[[ Material for this task, beginning ]]
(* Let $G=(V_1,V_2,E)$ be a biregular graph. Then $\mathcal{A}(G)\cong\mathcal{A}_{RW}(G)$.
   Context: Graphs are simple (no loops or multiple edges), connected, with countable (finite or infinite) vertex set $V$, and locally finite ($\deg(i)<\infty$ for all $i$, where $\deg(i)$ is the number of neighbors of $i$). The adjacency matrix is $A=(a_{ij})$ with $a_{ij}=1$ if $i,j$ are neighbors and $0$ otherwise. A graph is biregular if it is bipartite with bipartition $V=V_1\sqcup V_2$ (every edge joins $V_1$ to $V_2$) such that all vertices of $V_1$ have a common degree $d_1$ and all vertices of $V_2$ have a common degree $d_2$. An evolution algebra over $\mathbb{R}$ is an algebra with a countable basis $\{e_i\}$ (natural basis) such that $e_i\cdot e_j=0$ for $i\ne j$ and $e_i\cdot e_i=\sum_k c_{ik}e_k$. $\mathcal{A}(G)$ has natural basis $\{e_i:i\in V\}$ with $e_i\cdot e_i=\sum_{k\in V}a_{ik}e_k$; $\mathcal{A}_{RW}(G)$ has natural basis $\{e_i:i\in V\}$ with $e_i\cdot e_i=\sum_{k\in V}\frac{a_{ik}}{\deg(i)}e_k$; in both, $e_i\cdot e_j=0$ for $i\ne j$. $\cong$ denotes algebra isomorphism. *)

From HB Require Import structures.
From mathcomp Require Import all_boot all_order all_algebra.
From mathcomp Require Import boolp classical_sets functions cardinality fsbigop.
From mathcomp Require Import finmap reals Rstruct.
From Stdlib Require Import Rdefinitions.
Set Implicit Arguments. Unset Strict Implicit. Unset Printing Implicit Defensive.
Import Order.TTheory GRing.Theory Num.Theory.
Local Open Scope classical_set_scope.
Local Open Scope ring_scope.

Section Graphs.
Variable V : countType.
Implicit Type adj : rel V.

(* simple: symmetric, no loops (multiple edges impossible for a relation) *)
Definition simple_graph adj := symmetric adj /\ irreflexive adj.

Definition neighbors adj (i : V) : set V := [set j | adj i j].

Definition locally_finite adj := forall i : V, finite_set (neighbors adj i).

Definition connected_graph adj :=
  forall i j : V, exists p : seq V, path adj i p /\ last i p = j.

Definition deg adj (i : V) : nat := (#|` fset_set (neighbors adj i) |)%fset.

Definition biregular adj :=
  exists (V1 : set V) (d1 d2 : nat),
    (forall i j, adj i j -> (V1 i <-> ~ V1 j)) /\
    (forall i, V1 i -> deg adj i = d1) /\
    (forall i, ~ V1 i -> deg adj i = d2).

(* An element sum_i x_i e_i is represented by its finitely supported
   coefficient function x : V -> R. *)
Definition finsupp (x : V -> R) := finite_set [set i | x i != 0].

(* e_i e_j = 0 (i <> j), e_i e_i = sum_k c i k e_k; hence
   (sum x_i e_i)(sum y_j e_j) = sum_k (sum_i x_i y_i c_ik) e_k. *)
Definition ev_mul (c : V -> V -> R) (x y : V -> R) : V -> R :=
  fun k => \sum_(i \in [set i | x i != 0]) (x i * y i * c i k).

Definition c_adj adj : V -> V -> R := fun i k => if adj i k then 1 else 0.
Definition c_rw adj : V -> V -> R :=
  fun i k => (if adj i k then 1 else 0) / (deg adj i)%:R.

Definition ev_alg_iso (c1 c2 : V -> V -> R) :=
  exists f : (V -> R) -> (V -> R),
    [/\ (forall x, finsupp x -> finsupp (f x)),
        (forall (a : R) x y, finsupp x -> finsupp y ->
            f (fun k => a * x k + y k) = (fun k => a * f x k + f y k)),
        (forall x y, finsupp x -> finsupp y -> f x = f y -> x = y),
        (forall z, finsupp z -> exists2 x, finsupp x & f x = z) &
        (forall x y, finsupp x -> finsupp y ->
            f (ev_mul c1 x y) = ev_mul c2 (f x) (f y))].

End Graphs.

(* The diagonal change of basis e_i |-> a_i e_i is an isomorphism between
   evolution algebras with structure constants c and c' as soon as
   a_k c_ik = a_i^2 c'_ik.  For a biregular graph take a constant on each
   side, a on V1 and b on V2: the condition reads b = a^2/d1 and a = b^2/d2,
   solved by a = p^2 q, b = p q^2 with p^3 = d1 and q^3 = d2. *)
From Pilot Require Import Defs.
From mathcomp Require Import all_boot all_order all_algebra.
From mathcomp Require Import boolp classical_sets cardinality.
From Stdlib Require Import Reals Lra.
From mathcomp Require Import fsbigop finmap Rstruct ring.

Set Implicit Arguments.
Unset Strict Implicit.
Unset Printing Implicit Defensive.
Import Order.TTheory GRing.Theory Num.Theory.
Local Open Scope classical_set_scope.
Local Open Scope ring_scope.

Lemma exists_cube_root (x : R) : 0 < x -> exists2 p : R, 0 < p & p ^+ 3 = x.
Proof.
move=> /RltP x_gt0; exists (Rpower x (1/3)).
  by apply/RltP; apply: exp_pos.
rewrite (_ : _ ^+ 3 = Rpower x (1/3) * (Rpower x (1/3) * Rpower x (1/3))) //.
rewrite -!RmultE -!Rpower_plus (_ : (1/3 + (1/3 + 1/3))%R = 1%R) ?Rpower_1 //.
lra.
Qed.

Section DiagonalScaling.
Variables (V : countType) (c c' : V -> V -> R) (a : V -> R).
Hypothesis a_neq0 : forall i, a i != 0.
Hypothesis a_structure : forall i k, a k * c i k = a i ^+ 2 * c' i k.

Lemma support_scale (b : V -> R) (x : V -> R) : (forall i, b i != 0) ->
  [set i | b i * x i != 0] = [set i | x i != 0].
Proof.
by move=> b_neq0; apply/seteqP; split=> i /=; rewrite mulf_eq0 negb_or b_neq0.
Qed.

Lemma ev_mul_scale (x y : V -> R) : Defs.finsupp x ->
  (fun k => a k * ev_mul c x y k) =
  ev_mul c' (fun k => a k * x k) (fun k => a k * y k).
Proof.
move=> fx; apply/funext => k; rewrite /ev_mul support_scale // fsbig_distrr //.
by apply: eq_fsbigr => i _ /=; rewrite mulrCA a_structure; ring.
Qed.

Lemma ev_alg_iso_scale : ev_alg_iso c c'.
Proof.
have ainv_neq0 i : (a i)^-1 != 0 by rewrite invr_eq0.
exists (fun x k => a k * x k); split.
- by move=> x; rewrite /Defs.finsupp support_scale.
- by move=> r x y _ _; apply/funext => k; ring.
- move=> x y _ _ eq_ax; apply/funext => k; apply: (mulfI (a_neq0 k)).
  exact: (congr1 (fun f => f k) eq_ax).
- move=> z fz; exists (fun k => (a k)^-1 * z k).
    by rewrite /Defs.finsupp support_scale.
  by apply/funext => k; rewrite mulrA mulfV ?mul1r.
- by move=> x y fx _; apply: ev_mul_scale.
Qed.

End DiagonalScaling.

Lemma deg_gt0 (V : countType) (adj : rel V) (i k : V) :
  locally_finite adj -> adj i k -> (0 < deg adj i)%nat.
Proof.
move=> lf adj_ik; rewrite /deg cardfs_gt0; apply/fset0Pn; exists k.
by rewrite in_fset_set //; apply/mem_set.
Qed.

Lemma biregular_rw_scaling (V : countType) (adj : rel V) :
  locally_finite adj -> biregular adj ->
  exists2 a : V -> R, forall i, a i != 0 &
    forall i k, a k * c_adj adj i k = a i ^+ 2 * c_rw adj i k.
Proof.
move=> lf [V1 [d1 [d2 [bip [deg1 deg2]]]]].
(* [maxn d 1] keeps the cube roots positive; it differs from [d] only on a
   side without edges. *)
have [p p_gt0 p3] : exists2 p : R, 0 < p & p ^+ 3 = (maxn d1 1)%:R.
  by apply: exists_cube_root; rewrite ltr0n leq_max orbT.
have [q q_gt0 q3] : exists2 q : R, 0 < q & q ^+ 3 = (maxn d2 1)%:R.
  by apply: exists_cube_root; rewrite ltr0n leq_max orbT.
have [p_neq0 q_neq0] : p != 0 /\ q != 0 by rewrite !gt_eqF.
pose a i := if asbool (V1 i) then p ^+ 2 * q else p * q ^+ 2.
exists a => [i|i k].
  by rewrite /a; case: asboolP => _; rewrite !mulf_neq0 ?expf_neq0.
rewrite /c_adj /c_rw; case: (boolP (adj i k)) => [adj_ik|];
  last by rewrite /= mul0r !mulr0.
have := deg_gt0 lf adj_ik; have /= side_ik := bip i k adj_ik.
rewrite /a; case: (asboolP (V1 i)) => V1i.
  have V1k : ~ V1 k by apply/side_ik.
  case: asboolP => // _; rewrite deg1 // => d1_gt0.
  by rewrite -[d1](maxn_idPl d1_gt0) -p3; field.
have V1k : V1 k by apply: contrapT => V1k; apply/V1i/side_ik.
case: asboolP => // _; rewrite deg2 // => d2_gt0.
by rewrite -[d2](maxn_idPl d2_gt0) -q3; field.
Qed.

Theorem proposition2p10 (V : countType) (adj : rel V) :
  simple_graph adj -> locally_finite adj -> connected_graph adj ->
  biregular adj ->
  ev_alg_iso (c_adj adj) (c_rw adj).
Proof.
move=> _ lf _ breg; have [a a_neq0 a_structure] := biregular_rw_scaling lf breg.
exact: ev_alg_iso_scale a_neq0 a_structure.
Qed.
[[ Material for this task, end ]]
> [Problem to solve]: Would you print exactly and only the lines of the material above that run from the line with "exists2 a : V -> R, forall i, a i != 0 &" through the line with "exact: ev_alg_iso_scale a_neq0 a_structure.", both included?

> [Response for this exercise]:
  exists2 a : V -> R, forall i, a i != 0 &
    forall i k, a k * c_adj adj i k = a i ^+ 2 * c_rw adj i k.
Proof.
move=> lf [V1 [d1 [d2 [bip [deg1 deg2]]]]].
(* [maxn d 1] keeps the cube roots positive; it differs from [d] only on a
   side without edges. *)
have [p p_gt0 p3] : exists2 p : R, 0 < p & p ^+ 3 = (maxn d1 1)%:R.
  by apply: exists_cube_root; rewrite ltr0n leq_max orbT.
have [q q_gt0 q3] : exists2 q : R, 0 < q & q ^+ 3 = (maxn d2 1)%:R.
  by apply: exists_cube_root; rewrite ltr0n leq_max orbT.
have [p_neq0 q_neq0] : p != 0 /\ q != 0 by rewrite !gt_eqF.
pose a i := if asbool (V1 i) then p ^+ 2 * q else p * q ^+ 2.
exists a => [i|i k].
  by rewrite /a; case: asboolP => _; rewrite !mulf_neq0 ?expf_neq0.
rewrite /c_adj /c_rw; case: (boolP (adj i k)) => [adj_ik|];
  last by rewrite /= mul0r !mulr0.
have := deg_gt0 lf adj_ik; have /= side_ik := bip i k adj_ik.
rewrite /a; case: (asboolP (V1 i)) => V1i.
  have V1k : ~ V1 k by apply/side_ik.
  case: asboolP => // _; rewrite deg1 // => d1_gt0.
  by rewrite -[d1](maxn_idPl d1_gt0) -p3; field.
have V1k : V1 k by apply: contrapT => V1k; apply/V1i/side_ik.
case: asboolP => // _; rewrite deg2 // => d2_gt0.
by rewrite -[d2](maxn_idPl d2_gt0) -q3; field.
Qed.

Theorem proposition2p10 (V : countType) (adj : rel V) :
  simple_graph adj -> locally_finite adj -> connected_graph adj ->
  biregular adj ->
  ev_alg_iso (c_adj adj) (c_rw adj).
Proof.
move=> _ lf _ breg; have [a a_neq0 a_structure] := biregular_rw_scaling lf breg.
exact: ev_alg_iso_scale a_neq0 a_structure.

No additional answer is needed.